He is a man who is older than me. He has ben burnt badly by women in his past. He is scared to commit and wants to take this thing slowly. That's fine by me, because so do I. One day, we will be serious. I know it like I know my own name. It's not something we will talk about, or even think about consciously. But it will happen. One day I will roll over in bed, turn over, look at him, and I will know.
There are sometimes more tears than smiles, but then isn't that the case with every relationship, new or old?
I am being treated like a princess and my heart is healing. He holds my hand, cooks my dinner, holds me close every chance that he gets. I push him away sometimes, I seem to have this notion that everyone I love will die and so I push him away, I cry and he holds me, sobs racking my body as he tells me it's ok, he wont leave, that one day I'll feel better. I'm starting to believe him.
I'm moving forward with my life and there is a smile on my face a lot more than there was last time I posted on here. I needed a break from thinking about how I was feeling and three months on I am starting to be able to think again. Denial, Anger, Bargaining, Depression and Acceptance. The 5 steps of grieg. I'd say I'm between depression and acceptance.
I'm getting there. 2010 is the year.
Grass stains, dresses, bare knees, sunglasses, blue sky.. heatwaves, sunshades, drinking all night, water fights...roll on summer :)

Sunday, 15 November 2009

Funeral Blues

Stop all the clocks, cut off the telephone,
Prevent the dog from barking with a juicy bone,
Silence the pianos and with muffled drum
Bring out the coffin, let the mourners come.

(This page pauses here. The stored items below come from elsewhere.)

(* Let $\pi:\mathbb R^n\times[0,\infty]\to[0,\infty]$ be an arbitrage-free price function. Then: (1) $\pi(\mathbf 0,v)=0$ for every $v\in[0,\infty]$; (2) if $v\le v'$ then $\pi(\mathbf q,v)\ge\pi(\mathbf q,v')$; (3) $\pi(\mathbf q,0)\ge\pi(\mathbf q,v)$ for all $v\ge 0$; (4) if $\pi$ is continuous, then $\pi(\mathbf q,\infty)=0$ for every $\mathbf q\in\mathbb R^n$.
   Context: A query is a pair $(\mathbf q,v)$ with $\mathbf q\in\mathbb R^n$ and $v\in[0,\infty]$ (arithmetic in $[0,\infty]$ with $0\cdot\infty=0$). The determinacy relation $\mathbf S\rightarrow\mathbf Q$ between finite multisets of queries and queries is the smallest relation satisfying: (Summation) for every $k\ge 0$, $\{(\mathbf q_1,v_1),\ldots,(\mathbf q_k,v_k)\}\rightarrow(\mathbf q_1+\cdots+\mathbf q_k,\,v_1+\cdots+v_k)$ (for $k=0$: $\emptyset\rightarrow(\mathbf 0,0)$); (Scalar multiplication) for every $c\in\mathbb R$, $\{(\mathbf q,v)\}\rightarrow(c\mathbf q,c^2v)$; (Relaxation) $\{(\mathbf q,v)\}\rightarrow(\mathbf q,v')$ whenever $v\le v'$; (Transitivity) if $\mathbf S_1\rightarrow\mathbf Q_1,\ldots,\mathbf S_k\rightarrow\mathbf Q_k$ and $\{\mathbf Q_1,\ldots,\mathbf Q_k\}\rightarrow\mathbf Q$, then $\mathbf S_1\uplus\cdots\uplus\mathbf S_k\rightarrow\mathbf Q$. A price function $\pi:\mathbb R^n\times[0,\infty]\to[0,\infty]$ is arbitrage-free if for every $m\ge 0$ and queries $\mathbf Q_1,\ldots,\mathbf Q_m,\mathbf Q$ with $\{\mathbf Q_1,\ldots,\mathbf Q_m\}\rightarrow\mathbf Q$ we have $\pi(\mathbf Q)\le\sum_{i=1}^m\pi(\mathbf Q_i)$ (the empty sum being $0$). *)

From HB Require Import structures.
From mathcomp Require Import all_boot all_order all_algebra.
From mathcomp Require Import all_classical all_reals all_analysis.
Set Implicit Arguments. Unset Strict Implicit. Unset Printing Implicit Defensive.
Import Order.TTheory GRing.Theory Num.Theory.
Import numFieldNormedType.Exports.
Local Open Scope ring_scope.
Local Open Scope ereal_scope.

(* A query (q, v) with q in R^n (row vector) and v in [0, +oo] (an extended
   real; validity 0 <= v is imposed separately). In \bar R, 0 * +oo = 0. *)
Notation query R n := ('rV[R]_n * \bar R)%type.

Definition valid_query (R : realType) (n : nat) (Q : query R n) : Prop :=
  0 <= Q.2.

(* Determinacy relation between finite multisets of (valid) queries
   (multisets represented as sequences, closed under permutation) and queries. *)
Inductive determines (R : realType) (n : nat) : seq (query R n) -> query R n -> Prop :=
| det_sum : forall s : seq (query R n),
    (forall Q, Q \in s -> valid_query Q) ->
    determines s ((\sum_(Q <- s) Q.1)%R, \sum_(Q <- s) Q.2)
| det_scale : forall (q : 'rV[R]_n) (v : \bar R) (c : R),
    0 <= v -> determines [:: (q, v)] ((c *: q)%R, (c ^+ 2)%:E * v)
| det_relax : forall (q : 'rV[R]_n) (v v' : \bar R),
    0 <= v -> v <= v' -> determines [:: (q, v)] (q, v')
| det_trans : forall (ss : seq (seq (query R n))) (Qs : seq (query R n)) (Q : query R n),
    size ss = size Qs ->
    (forall i, (i < size ss)%N ->
       determines (nth [::] ss i) (nth (0%R, 0) Qs i)) ->
    determines Qs Q ->
    determines (flatten ss) Q
| det_perm : forall (s s' : seq (query R n)) (Q : query R n),
    perm_eq s s' -> determines s Q -> determines s' Q.

(* A price function pi : R^n x [0,oo] -> [0,oo] (values on v < 0 irrelevant). *)
Definition price_function (R : realType) (n : nat) (pi : query R n -> \bar R) : Prop :=
  forall Q, valid_query Q -> 0 <= pi Q.

Definition arbitrage_free (R : realType) (n : nat) (pi : query R n -> \bar R) : Prop :=
  forall (s : seq (query R n)) (Q : query R n),
    determines s Q -> pi Q <= \sum_(X <- s) pi X.

From HB Require Import structures.
From mathcomp Require Import all_boot all_order all_algebra.
From mathcomp Require Import all_classical all_reals all_analysis.
Import Order.TTheory GRing.Theory Num.Theory.
Import numFieldNormedType.Exports.
Local Open Scope classical_set_scope.
Local Open Scope ring_scope.

(* The empty bundle determines (0, 0), so that query is free; relaxation makes
   prices antitone in the variance, hence every (0, v) is free as well.  For
   (4), rescaling by 1/c maps (c q, +oo) to (q, +oo), so pi (q, +oo) is bounded
   by pi (q / k, +oo) for every k; these queries tend to the free query
   (0, +oo), and continuity transfers the bound to the limit. *)

Section ArbitrageFreePrice.
Context {R : realType} {n : nat} { pi : query R n -> \bar R }.
Hypotheses (pi_ge0 : price_function pi) (pi_af : arbitrage_free pi).

Lemma price_antitone_variance (q : 'rV[R]_n) (v v' : \bar R) :
  (0 <= v)%E -> (v <= v')%E -> (pi (q, v') <= pi (q, v))%E.
Proof.
by move=> v_ge0 vv'; have := pi_af _ _ (det_relax q v_ge0 vv'); rewrite big_seq1.
Qed.

Lemma price_scale_le (q : 'rV[R]_n) (v : \bar R) (c : R) :
  (0 <= v)%E -> (pi (c *: q, (c ^+ 2)%:E * v) <= pi (q, v))%E.
Proof. by move=> v_ge0; have := pi_af _ _ (det_scale q c v_ge0); rewrite big_seq1. Qed.

Lemma price00 : pi (0, 0%E) = 0%E.
Proof.
have nil_valid (Q : query R n) : Q \in [::] -> valid_query Q by rewrite in_nil.
apply/le_anti; rewrite pi_ge0 /valid_query ?lexx // andbT.
by have := pi_af _ _ (det_sum nil_valid); rewrite !big_nil.
Qed.

Lemma price0q (v : \bar R) : (0 <= v)%E -> pi (0, v) = 0%E.
Proof.
move=> v_ge0; apply/le_anti; rewrite pi_ge0 // andbT.
by rewrite -price00 price_antitone_variance.
Qed.

Lemma price_infty_le_scale (q : 'rV[R]_n) (c : R) :
  c != 0 -> (pi (q, +oo%E) <= pi (c *: q, +oo%E))%E.
Proof.
move=> c_neq0; have := @price_scale_le (c *: q) +oo%E c^-1 (leey 0%E).
rewrite scalerA mulVf // scale1r mulry gtr0_sg ?mul1e //.
by rewrite exprn_even_gt0 //= invr_eq0.
Qed.

End ArbitrageFreePrice.

Lemma cvg_harmonic_query {R : realType} {n : nat} (q : 'rV[R]_n) :
  ((harmonic k : R) *: q, +oo%E : \bar R) @[k --> \oo] --> ((0 : 'rV[R]_n), +oo%E : \bar R).
Proof.
apply: (cvg_pair (G := nbhs (0 : 'rV[R]_n)) (H := nbhs (+oo%E : \bar R))
  (f := fun k => (harmonic k : R) *: q)); last exact: cvg_cst.
by rewrite -(scale0r q); apply: cvgZr_tmp; exact: cvg_harmonic.
Qed.

Lemma continuous_price_infty (R : realType) (n : nat) (pi : query R n -> \bar R) :
  price_function pi -> arbitrage_free pi ->
  {within [set Q : query R n | (0 <= Q.2)%E], continuous pi} ->
  forall q : 'rV[R]_n, pi (q, +oo%E) = 0%E.
Proof.
move=> pi_ge0 pi_af pi_cont q.
have valid_0oo : [set Q : query R n | (0 <= Q.2)%E] (0, +oo%E) by rewrite /= leey.
have pi_cvg : pi ((harmonic k : R) *: q, +oo%E) @[k --> \oo] --> pi (0, +oo%E).
  apply: cvg_trans ((proj1 (subspace_continuousP _ _) pi_cont) _ valid_0oo).
  move=> P /= /(cvg_harmonic_query q); rewrite /nbhs /=.
  by apply: filterS => k; apply; exact: leey.
apply/le_anti; rewrite pi_ge0 /valid_query ?leey // andbT.
rewrite -(price0q pi_ge0 pi_af +oo%E (leey 0%E)).
apply: (closed_cvg _ (@closed_ereal_le_ereal _ _) _ _ pi_cvg).
apply: nearW => k; apply: price_infty_le_scale => //.
by rewrite gt_eqF // harmonic_gt0.
Qed.

Theorem proposition3 (R : realType) (n : nat) (pi : query R n -> \bar R) :
  price_function pi -> arbitrage_free pi ->
  (forall v : \bar R, (0 <= v)%E -> pi (0, v) = 0%E) /\
  (forall (q : 'rV[R]_n) (v v' : \bar R), (0 <= v)%E -> (v <= v')%E ->
     (pi (q, v') <= pi (q, v))%E) /\
  (forall (q : 'rV[R]_n) (v : \bar R), (0 <= v)%E -> (pi (q, v) <= pi (q, 0%E))%E) /\
  ({within [set Q : query R n | (0 <= Q.2)%E], continuous pi} ->
     forall q : 'rV[R]_n, pi (q, +oo%E) = 0%E).
Proof.
move=> pi_ge0 pi_af; split; first exact: price0q.
split; first exact: price_antitone_variance.
split; first by move=> q v; apply: price_antitone_variance.
exact: continuous_price_infty.
Qed.
(* Let $M\ge 0$. Given an infinite antichain $S_1,S_2,\dots$ in the poset $(\mathrm{RL},\le_{RL})$, where $S_i$ is a reading list of type $(d_i,n_i)$, at least one of the sequences $(n_i)_i$ and $(d_i)_i$ is bounded.
   Context: Fix an integer $M\ge0$. A reading list of type $(d,n)$ is a tuple $S=(S^1,\dots,S^n)$ of $d$-element subsets of $[Md]=\{1,\dots,Md\}$ (each $S^i$ viewed as an increasing word). $\mathrm{RL}$ denotes the set of all reading lists of all types. For $S=(S^1,\dots,S^n)$ of type $(d,n)$ and $T=(T^1,\dots,T^m)$ of type $(e,m)$, define $S\le_{RL}T$ iff there exist indices $1\le k_1<k_2<\cdots<k_n\le m$ and maps $f_i:S^i\to T^{k_i}$ ($i=1,\dots,n$), each strictly increasing, such that $f_i(x)=f_j(x)$ for all $i,j$ and all $x\in S^i\cap S^j$. An antichain is a sequence of pairwise incomparable elements. *)

From mathcomp Require Import all_boot.
Set Implicit Arguments. Unset Strict Implicit. Unset Printing Implicit Defensive.

(* A reading list: its parameter d together with the tuple (S^1,...,S^n),
   stored as a list (0-indexed) of words; each word is the increasing
   enumeration of a d-element subset of [Md] = {1,...,M*d}. *)
Record RL := mkRL { rl_d : nat; rl_sets : seq (seq nat) }.

Definition rl_n (S : RL) : nat := size (rl_sets S).
(* Let $C$ be an $A$-code of length $l>1$ with $L_{\mathrm{ind}}(C)=1$, and let $g^{(1)}=(g_{1,1},\ldots,g_{1,l})$ be the first element of the canonical basis of divisors of $C$ (so $g_{1,1}$ is a monic divisor of $f$). Let $h_{1,1}\in A$ be the image of the polynomial $f(x)/g_{1,1}(x)$. Let $C'\subseteq A^{l-1}$ be the code obtained from $C^{(2)}=\{c\in C: c_1=0\}$ by deleting the first coordinate, and let $H'=(h'_{ij})_{2\le i\le k,\,2\le j\le l}$ be any generator matrix of $C'^{\perp}$. For $2\le i\le k$ let $\alpha_i$ be the remainder, upon division by the polynomial $f/g_{1,1}$, of the polynomial $-\bigl(\sum_{j=2}^l h'_{ij}g_{1,j}\bigr)/g_{1,1}$ (entries regarded as polynomials of degree $<m$). Then the $k\times l$ matrix $$H=\begin{pmatrix} h_{1,1} & 0\ \cdots\ 0\\ \alpha_2 & \\ \vdots & H'\\ \alpha_k & \end{pmatrix}$$ is a generator matrix of $C^{\perp}$.
   Context: Let $\mathbb{F}$ be a finite field, $f(x)\in\mathbb{F}[x]$ monic of degree $m$, and $A=\mathbb{F}[x]/\langle f(x)\rangle$, elements identified with polynomials of degree $<m$. An $A$-code of length $l$ is an $A$-submodule of $A^l$; a generator matrix of it is a matrix over $A$ whose rows generate it as an $A$-module. The dual is $C^\perp=\{a\in A^l:\sum_i a_ic_i=0\ \forall c\in C\}$. For $u\in A^l$, $L_{\mathrm{ind}}(u)$ is the smallest index of a nonzero entry ($\infty$ for $u=0$) and $L_{\mathrm{coef}}(u)$ is that entry. For nonzero $C$, $L_{\mathrm{ind}}(C)=\min_{u\in C}L_{\mathrm{ind}}(u)$; $L_{\mathrm{coef}}(C)$ is the monic polynomial $g$ of minimum degree such that some $c\in C$ has $L_{\mathrm{ind}}(c)=L_{\mathrm{ind}}(C)$, $L_{\mathrm{coef}}(c)=g$; such $c$ is a leading element. $C^{(1)}=C$, $C^{(n+1)}=\{c\in C^{(n)}:L_{\mathrm{ind}}(c)>L_{\mathrm{ind}}(C^{(n)})\}$ while $C^{(n)}\ne0$; with $k$ largest such that $C^{(k)}\neq0$, a tuple $(g^{(1)},\dots,g^{(k)})$ with $g^{(j)}$ a leading element of $C^{(j)}$ is a basis of divisors. If moreover, writing $g_{i,j_i}$ for the leading coefficient of $g^{(i)}$, one has $\deg g_{t,j_i}<\deg g_{i,j_i}$ for all $t<i$, the basis is the canonical basis of divisors (it exists and is unique for every nonzero $A$-code), and the matrix with rows $g^{(i)}$ is the canonical generator matrix (CGM). Leading coefficients of elements of a basis of divisors are monic divisors of $f$. *)

(* A = F[x]/<f> is rendered as mathcomp's quotient ring {poly %/ f}. *)
From HB Require Import structures.
From mathcomp Require Import all_boot all_order all_algebra.
Set Implicit Arguments. Unset Strict Implicit. Unset Printing Implicit Defensive.
Import GRing.Theory.
Local Open Scope ring_scope.
Lemma Delta_mpow_sum w s n m (F : 'I_m -> X -> M) (c : 'I_m -> nat) :
  Delta_mpow w s n (fun x => \sum_(j < m) F j x *+ c j) =
  fun x => \sum_(j < m) Delta_mpow w s n (F j) x *+ c j.
Proof.
elim: s => [|a s IH] //=; rewrite IH.
by elim: (n a) => [|k IHk] //=; rewrite IHk Delta_sum.
Qed.

Lemma DeltaC y z (h : X -> M) : Delta y (Delta z h) = Delta z (Delta y h).
Proof.
apply: funext => x; rewrite /Delta zpv_addAC.
by rewrite !opprB !addrA addrAC [RHS]addrAC; congr (_ + _); rewrite addrAC.
Qed.

Lemma Delta_mpowC y w s n (h : X -> M) :
  Delta y (Delta_mpow w s n h) = Delta_mpow w s n (Delta y h).
Proof.
elim: s => [|a s IH] //=; rewrite -IH.
by elim: (n a) => [|k IHk] //=; rewrite DeltaC IHk.
Qed.

Lemma iter_Delta_mpowC y j w s n (h : X -> M) :
  iter j (Delta y) (Delta_mpow w s n h) = Delta_mpow w s n (iter j (Delta y) h).
Proof. by elim: j => [|j IH] //=; rewrite IH Delta_mpowC. Qed.

Lemma eq_in_Delta_mpow w s n n' (h : X -> M) :
  {in s, n =1 n'} -> Delta_mpow w s n h = Delta_mpow w s n' h.
Proof.
elim: s => [|a s IH] //= nn'.
rewrite nn' ?mem_head // IH // => k ks.
by apply: nn'; rewrite in_cons ks orbT.
Qed.

Lemma Delta_mpow0 w s (h : X -> M) : Delta_mpow w s (fun _ => 0%N) h = h.
Proof. by elim: s => [|a s IH] //=; rewrite IH. Qed.

Lemma Delta_mpow_iter w s n i j (h : X -> M) : uniq s -> i \in s ->
  Delta_mpow w s n (iter j (Delta (w i)) h) = Delta_mpow w s (mindex_add n i j) h.
Proof.
elim: s => [|a s IH] //= /andP [as_ us]; rewrite in_cons => /orP [/eqP ia | is_].
  subst a; rewrite (@eq_in_Delta_mpow w s (mindex_add n i j) n); last first.
    by move=> k ks; rewrite /mindex_add; case: eqP => // ki; rewrite -ki ks in as_.
  by rewrite /mindex_add eqxx iterD -iter_Delta_mpowC.
rewrite IH //; congr iter; rewrite /mindex_add; case: eqP => // ai.
by rewrite ai is_ in as_.
Qed.

(* Newton's forward-difference formula along the [i]-th coordinate. *)
Lemma shift_nat_unitE i m (h : X -> M) x :
  h (zpv_add x (zpv_nat_unit p i m)) =
  \sum_(j < m.+1) iter j (Delta (zpv_unit p i)) h x *+ 'C(m, j).
Proof.
elim: m h => [|m IH] h; first by rewrite zpv_add_nat_unit0 big_ord_recl big_ord0 addr0.
have -> : h (zpv_add x (zpv_nat_unit p i m.+1)) =
   h (zpv_add x (zpv_nat_unit p i m)) +
   Delta (zpv_unit p i) h (zpv_add x (zpv_nat_unit p i m)).
  by rewrite zpv_add_nat_unitS /Delta addrC subrK.
rewrite !IH [RHS]big_ord_recl /= bin0.
under [X in _ = _ + X]eq_bigr => j _ do rewrite binS mulrnDr.
rewrite big_split /= addrA; congr (_ + _); last first.
  by apply: eq_bigr => j _; rewrite add0n -iterS iterSr.
rewrite [in RHS]big_ord_recr /= bin_small // mulr0n addr0.
by rewrite big_ord_recl /= bin0.
Qed.

Lemma Delta_nat_unitE i m (h : X -> M) :
  Delta (zpv_nat_unit p i m) h =
  fun x => \sum_(j < m) iter j.+1 (Delta (zpv_unit p i)) h x *+ 'C(m, j.+1).
Proof.
apply: funext => x; rewrite {1}/Delta shift_nat_unitE big_ord_recl /= bin0 mulr1n.
by rewrite addrC addKr; apply: eq_bigr => j _; rewrite add0n -iterS.
Qed.

Lemma mahler_coef_Delta_nat_unit i m n (h : X -> M) :
  mahler_coef n (Delta (zpv_nat_unit p i m) h) =
  \sum_(j < m) mahler_coef (mindex_add n i j.+1) h *+ 'C(m, j.+1).
Proof.
rewrite /mahler_coef Delta_nat_unitE Delta_pow_mpow Delta_mpow_sum.
apply: eq_bigr => j _.
by rewrite Delta_pow_mpow -Delta_mpow_iter ?enum_uniq ?mem_enum.
Qed.

Variable l : nat.
Local Notation S := (@zpv_scale_pl p d l).

Lemma Delta_scale_pl y (h : X -> M) :
  Delta y (h \o S) = Delta (S y) h \o S.
Proof. by apply: funext => x; rewrite /Delta /= zpv_scale_plD. Qed.

Lemma mahler_coef_scale_pl n (f : X -> M) :
  mahler_coef n (f \o S) =
  Delta_mpow (fun i => zpv_nat_unit p i (p ^ l)) (enum 'I_d) n f (@zpv_zero p d).
Proof.
rewrite /mahler_coef -[in RHS](zpv_scale_pl0 p d l) Delta_pow_mpow.
suff -> : forall s, Delta_mpow (zpv_unit p (d:=d)) s n (f \o S) =
    Delta_mpow (fun i => zpv_nat_unit p i (p ^ l)) s n f \o S by [].
elim=> [|a s IH] //=; rewrite IH -zpv_scale_pl_unit.
by elim: (n a) => [|k IHk] //=; rewrite IHk Delta_scale_pl.
Qed.

End FiniteDifferences.

Lemma zp_continuous_scale_pl p d (M : zmodType) (vM : M -> \bar R) l
    (f : ('I_d -> Zpadic p) -> M) :
  zp_continuous vM f -> zp_continuous vM (fun x => f (zpv_scale_pl l x)).
Proof.
move=> cf x e; have [k hk] := cf (zpv_scale_pl l x) e.
by exists k => y xy; apply/hk/zpv_near_scale_pl.
Qed.

Lemma dvdn_bin_pexp p l m : prime p -> (m < p ^ l)%N ->
  (p ^ (l - logn p m.+1) %| 'C(p ^ l, m.+1))%N.
Proof.
move=> pp ml; have p0 := prime_gt0 pp.
have hC : (0 < 'C(p ^ l, m.+1))%N by rewrite bin_gt0.
have hC' : (0 < 'C((p ^ l).-1, m))%N by rewrite bin_gt0 -ltnS prednK ?expn_gt0 ?p0.
have E : (logn p m.+1 + logn p 'C(p ^ l, m.+1) = l + logn p 'C((p ^ l).-1, m))%N.
  by rewrite -lognM // -mul_bin_diag lognM ?expn_gt0 ?p0 // pfactorK.
apply: dvdn_trans (pfactor_dvdnn p _); rewrite dvdn_exp2l //.
by rewrite leq_subLR E leq_addr.
Qed.

Local Open Scope ring_scope.
Local Open Scope ereal_scope.

Section Valuations.
Variables (A : comNzRingType) (valA : A -> \bar R).
Hypothesis hvalA : is_ring_valuation valA.

Lemma valA1_finE : valA 1 = (fine (valA 1))%:E.
Proof.
case: hvalA => val_oo val_noo _ _; rewrite fineK // fin_numE val_noo.
by apply/eqP => /val_oo/eqP; rewrite oner_eq0.
Qed.

Lemma valA_natr u : valA 1 <= valA u%:R.
Proof.
case: hvalA => val_oo _ _ valD; elim: u => [|u IH].
  by rewrite [X in _ <= X](proj2 (val_oo _)) ?leey.
by rewrite -addn1 natrD; apply: le_trans (valD _ _); rewrite le_min IH /=.
Qed.

Lemma valA_exprn (a : R) (x : A) e :
  a%:E <= valA x -> (e%:R * a)%:E + valA 1 <= valA (x ^+ e).
Proof.
case: hvalA => _ _ valAM _ ax; elim: e => [|e IH]; first by rewrite mul0r add0e.
rewrite exprS; apply: le_trans (valAM _ _).
by rewrite -nat1r mulrDl mul1r EFinD -addeA leeD.
Qed.

Variables (M : lmodType A) (valM : M -> \bar R).
Hypothesis hvalM : is_module_valuation valA valM.

Lemma valM_sum (r : \bar R) m (F : 'I_m -> M) :
  (forall j, r <= valM (F j)) -> r <= valM (\sum_(j < m) F j).
Proof.
case: hvalM => val_oo _ _ valD rF.
apply: (big_ind (fun y => r <= valM y)) => // [|x y rx ry].
  by rewrite (proj2 (val_oo _)) ?leey.
by apply: le_trans (valD x y); rewrite le_min rx ry.
Qed.

Lemma valM_mulrn (y : M) c : valA c%:R + valM y <= valM (y *+ c).
Proof. by case: hvalM => _ _ valZ _; rewrite -scaler_nat. Qed.

End Valuations.

Lemma exists_natr_mul_ge (T a : R) : (0 < a)%R ->
  exists m0 : nat, forall m, (m0 <= m)%N -> (T <= m%:R * a)%R.
Proof.
move=> a_gt0; set m0 := Num.Def.archi_bound (`|T| / a); exists m0 => m m0m.
have : (`|T| / a < m0%:R)%R by apply: archi_boundP; rewrite divr_ge0 ?normr_ge0 ?ltW.
rewrite ltr_pdivrMr // => /ltW Tm0; apply: le_trans (ler_norm T) _.
by apply: le_trans Tm0 _; rewrite ler_pM2r // ler_nat.
Qed.

Section BinomialValuation.
Variables (A : comNzRingType) (valA : A -> \bar R).
Hypothesis hvalA : is_ring_valuation valA.
Variable p : nat.
Hypothesis pp : prime p.

Lemma valA_bin_pexp_ge (a : R) l m : a%:E <= valA p%:R -> (m < p ^ l)%N ->
  ((l - logn p m.+1)%:R * a + 2 * fine (valA 1))%:E <= valA 'C(p ^ l, m.+1)%:R.
Proof.
move=> a_le m_lt; have [u ->] := dvdnP (dvdn_bin_pexp pp m_lt).
have [_ _ valAM _] := hvalA; rewrite natrM natrX; apply: le_trans (valAM _ _).
have u_ge := valA_natr hvalA u; have pe_ge := valA_exprn hvalA (l - logn p m.+1) a_le.
rewrite valA1_finE // in u_ge pe_ge; apply: le_trans (leeD u_ge pe_ge).
by rewrite -!EFinD lee_fin; lra.
Qed.

(* With [l = 2 m0] either [v_p j <= m0], and then [p^m0] divides ['C(p^l, j)],
   or [j >= p^(v_p j) > m0]. *)
Lemma valA_bin_pexp_gain (alpha K : R) : (0 < alpha)%R -> 0 < valA p%:R ->
  exists l, forall m, (m < p ^ l)%N ->
    K%:E <= valA 'C(p ^ l, m.+1)%:R + (alpha * m.+1%:R)%:E.
Proof.
move=> alpha_gt0 valp_gt0.
have [a [a_gt0 a_le]] : exists a : R, (0 < a)%R /\ a%:E <= valA p%:R.
  case: (valA p%:R) valp_gt0 => [r r_gt0|_|]; last by rewrite ltNge leNye.
    by exists r; rewrite -lte_fin.
  by exists 1%R; rewrite leey.
set c := (K - 2 * fine (valA 1))%R.
have [ma ma_ge] := exists_natr_mul_ge c a_gt0.
have [malpha malpha_ge] := exists_natr_mul_ge c alpha_gt0.
set m0 := maxn ma malpha; exists (m0 + m0)%N => m m_lt.
apply: le_trans _ (leeD (valA_bin_pexp_ge a_le m_lt) (lexx _)).
rewrite -EFinD lee_fin; set v := logn p m.+1.
have alpha_m_ge0 : (0 <= alpha * m.+1%:R)%R by rewrite mulr_ge0 ?ltW.
have va_ge0 : (0 <= (m0 + m0 - v)%:R * a)%R by rewrite mulr_ge0 ?ler0n ?ltW.
have [v_le | v_gt] := leqP v m0.
  have : (m0%:R * a <= (m0 + m0 - v)%:R * a)%R.
    by rewrite ler_pM2r // ler_nat; lia.
  have := ma_ge m0 (leq_maxl _ _); rewrite /c; lra.
have m0_le : (m0 <= m.+1)%N.
  apply: leq_trans (ltnW v_gt) _; apply: leq_trans (ltnW (ltn_expl v (prime_gt1 pp))) _.
  exact: dvdn_leq (pfactor_dvdnn p m.+1).
have : (alpha * m0%:R <= alpha * m.+1%:R)%R by rewrite ler_pM2l // ler_nat.
have := malpha_ge m0 (leq_maxr _ _); rewrite /c; lra.
Qed.

End BinomialValuation.

Section MahlerBounds.
Variables (p d : nat) (M : zmodType) (valM : M -> \bar R) (alpha : R).
Local Notation X := ('I_d -> Zpadic p).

Let aeroplanes circle moaning overhead
Scribbling on the sky the message, He is Dead.
Put crepe bows round the white necks of the public doves,
Let the traffic policemen wear black cotton gloves.

He was my North, my South, my East and West,
My working week and my Sunday rest,
My noon, my midnight, my talk, my song;
I thought that love would last forever: I was wrong.

The stars are not wanted now; put out every one,
Pack up the moon and dismantle the sun,
Pour away the ocean and sweep up the woods;
For nothing now can ever come to any good.

W.H. Auden


It's time to stop thinking like this; He is gone, I am here, I need to move forward.

I miss him, but it's time.

Monday, 9 November 2009

A lot can happen in two years.

Look back two years and you'll see I wanted to be a nurse. I always did, I always have. I was moving towards it and I fucked up majorly. I fell in love with a man who captured my heart and my head all at once. I couldn't do it, something had to give so I dropped out of my foundation course at university.
I thought I'd thrown everything down the drain, he was gone, my dreams had gone, suddenly my future had fallen around my feet, shattered, irrepairable.

Two years on. Me and that man, we were on and off, on and off, on and off. We were nearly on again when he killed himself. It's been nearly two months and the pain is still red raw, burning tears, crying myself to sleep, can't watch TV, can't listen to the radio, can't see my friends in case I see or hear about love.

Me and that man, we might not have been the steadiest of relationships but then nothing easy was ever worth as much to me. Me and that man, we nearly had a baby until my body killed it. Can you blame us for falling apart? Me and that man, it was blissful happiness, it was mothercare, it was 'we need to get a place together,' it was 'I've given myself to you, whole and unbroken,' it was 'I always loved you even after what happened,' it was tragic, it was incredible, it was heartbreaking.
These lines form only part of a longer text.